Dari ceritanya saya jadi tahu kalau dia baru saja menyandarkan kapal tugboat atau tongkang di Pelabuhan Munte Bone-Bone, Luwu Utara. Dia berpengalaman sebagai nakhoda pembawa aneka muatan, dari batu bara, CPO hingga material industri.
Dia membawa tongkang dari Banjarmasin dan akan membawa CPO atau Cride Palm Oil ke Balikpapan. “Tujuan Balikpapan, bobot kapal kami sekitar 4000 metrik ton,” ucapnya saat penulis dan dia berhenti di Rumah Makan Pangkep di Keera Wajo, (4/11/2022).
“Ini sudah kedatangan kelima di Munte, hanya saja saya kira memang perlu penataan ya,” katanya. “Maksudnya, manuver kapal sangat sulit, ada banyak warga yang berusaha penanaman rumput laut di sekitar pelabuhan,” katanya.
“Kita mau mutar atau manuver kadang susah, kadang kapal sudah putar tapi tongkang masih belum aman, bisa saja menyenggol usaha budidaya.” Kurang lebih begitu penjelasannya. “Kasihan juga kalau tanaman mereka mendapat masalah,” imbuhnya.
“Harusnya bisa diperluas lagi dermaganya, atau lokasi pembudidaya rumput laut ditata ulang lagilah,” ucapnya.
Dia tidak menyebut spesifik nama perusahaan kapalnya namun yang pasti berbasis di Pontianak.
Sang Kapten memulai pekerjaan di atas kapal sebagai kru biasa. “Tahun 2000-an sudah di kapal,” kata pria yang mengaku sudah mengunjungi beberapa negara seperti Bahrain, Qatar dan beberapa negara di Asia Tenggara ini.
“Jadi saya balik ke Makassar ini lalu ke Jakarta,” tambahnya sebelum turun di Maros menjumpai keluarganya.
Menurut catatan Tribun Timur, di Pelabuhan Munte sudah ada rambu-rambu pelabuhan yang panjangnya 12 meter yang dibangun pada 2020 lalu, serta dilengkapi dengan lampu suar.
Panjang alur sekitar 2 km dan lebar 200 meter, sehingga kapal-kapal yang cukup besar bisa masuk ke pelabuhan secara aman dan nyaman.

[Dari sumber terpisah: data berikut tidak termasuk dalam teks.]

(* Fix integers $z_1>z_2\ge0$ and $k\ge1$. For every $m\ge0$, the number of $(z_1,z_2,k)$-asymmetric partitions of $m$ equals the number of partitions of $m$ of the form \[\lambda^{\{a_1,\dots,a_r\}}=\Big(z_1(r-1)+r,\underbrace{2r-1,\dots,2r-1}_{a_r},\underbrace{2r-3,\dots,2r-3}_{a_{r-1}-a_r},\dots,\underbrace{2k-1,\dots,2k-1}_{a_k-a_{k+1}},\underbrace{2k-2,\dots,2k-2}_{a_{k-1}-a_k},\dots,\underbrace{2,\dots,2}_{a_1-a_2},\underbrace{1,\dots,1}_{z_2}\Big)\] for some integer $r\ge k$ and integers $a_1>a_2>\dots>a_r\ge0$.
   Context: The Frobenius rank of a partition $\mu$ is $r=\max\{j:\mu_j\ge j\}$ and its Frobenius coordinates are $(\alpha\mid\beta)$ with $\alpha_i=\mu_i-i$, $\beta_i=\mu'_i-i$ ($1\le i\le r$, $\mu'$ the conjugate). For $1\le k\le r$, $\mu$ is $(z_1,z_2,k)$-asymmetric if $\mu=(\alpha_1,\dots,\alpha_r\mid\alpha_1+z_1,\dots,\widehat{\alpha_k+z_1},\dots,\alpha_r+z_1,z_2)$ for some strict partition $\alpha$, where the hat denotes omission (so the column coordinates are the decreasing arrangement of $\{\alpha_j+z_1:j\ne k\}\cup\{z_2\}$). *)

From mathcomp Require Import all_boot.
From mathcomp Require Import boolp.

Set Implicit Arguments.
Unset Strict Implicit.
Unset Printing Implicit Defensive.

Definition is_part (s : seq nat) : bool :=
  sorted geq s && all (fun x => 0 < x) s.

Fixpoint seqs_upto (l b : nat) : seq (seq nat) :=
  match l with
  | 0 => [:: [::]]
  | l'.+1 => [::] :: [seq x :: s | x <- iota 1 b, s <- seqs_upto l' b]
  end.

Definition partitions (m : nat) : seq (seq nat) :=
  undup [seq s <- seqs_upto m m | is_part s && (sumn s == m)].

Definition npart (m : nat) (P : seq nat -> Prop) : nat :=
  count (fun s => `[< P s >]) (partitions m).

(* mu_j, 1-indexed (0 beyond the length). *)
Definition mu_at (mu : seq nat) (j : nat) : nat := nth 0 mu j.-1.

Definition conj_at (mu : seq nat) (i : nat) : nat := count (fun x => i <= x) mu.

Definition frob_rank (mu : seq nat) : nat :=
  \max_(1 <= j < (size mu).+1 | j <= mu_at mu j) j.

Definition frob_row (mu : seq nat) : seq nat :=
  [seq mu_at mu i - i | i <- iota 1 (frob_rank mu)].
Definition frob_col (mu : seq nat) : seq nat :=
  [seq conj_at mu i - i | i <- iota 1 (frob_rank mu)].

Definition asym (z1 z2 k : nat) (mu : seq nat) : Prop :=
  1 <= k <= frob_rank mu /\
  exists alpha : seq nat,
    [/\ sorted (fun x y => y < x) alpha,
        size alpha = frob_rank mu,
        frob_row mu = alpha &
        frob_col mu =
          sort geq (z2 :: [seq nth 0 alpha j.-1 + z1
                          | j <- [seq j <- iota 1 (size alpha) | j != k]])].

Distribusi minyak kelapa sawit atau Crude Palm Oil (CPO) untuk pertama kalinya dilakukan melalui Pelabuhan Munte, Kabupaten Luwu Utara,Provinsi Sulawesi Selatan oleh Kapal Tongkang milik PT. Serasi Shipping Indonesia pada 12 April 2022.
Pelabuhan Munte sejatinya bisa menjadi bagian dalam distribusi CPO langsung dari kawasan Luwu Raya yang memang mempunyai banyak kawasan tanaman kelapa sawit.
Selama ini pengapalan minyak CPO selama ini, perusahaan yang ada di Luwu Utara dan Luwu Timur menggunakan Pelabuhan Laut Tanjung Ringgit Kota Palopo dengan jarak tempuh mobil tangki berkisar antara 60 hingga 70 kilometer.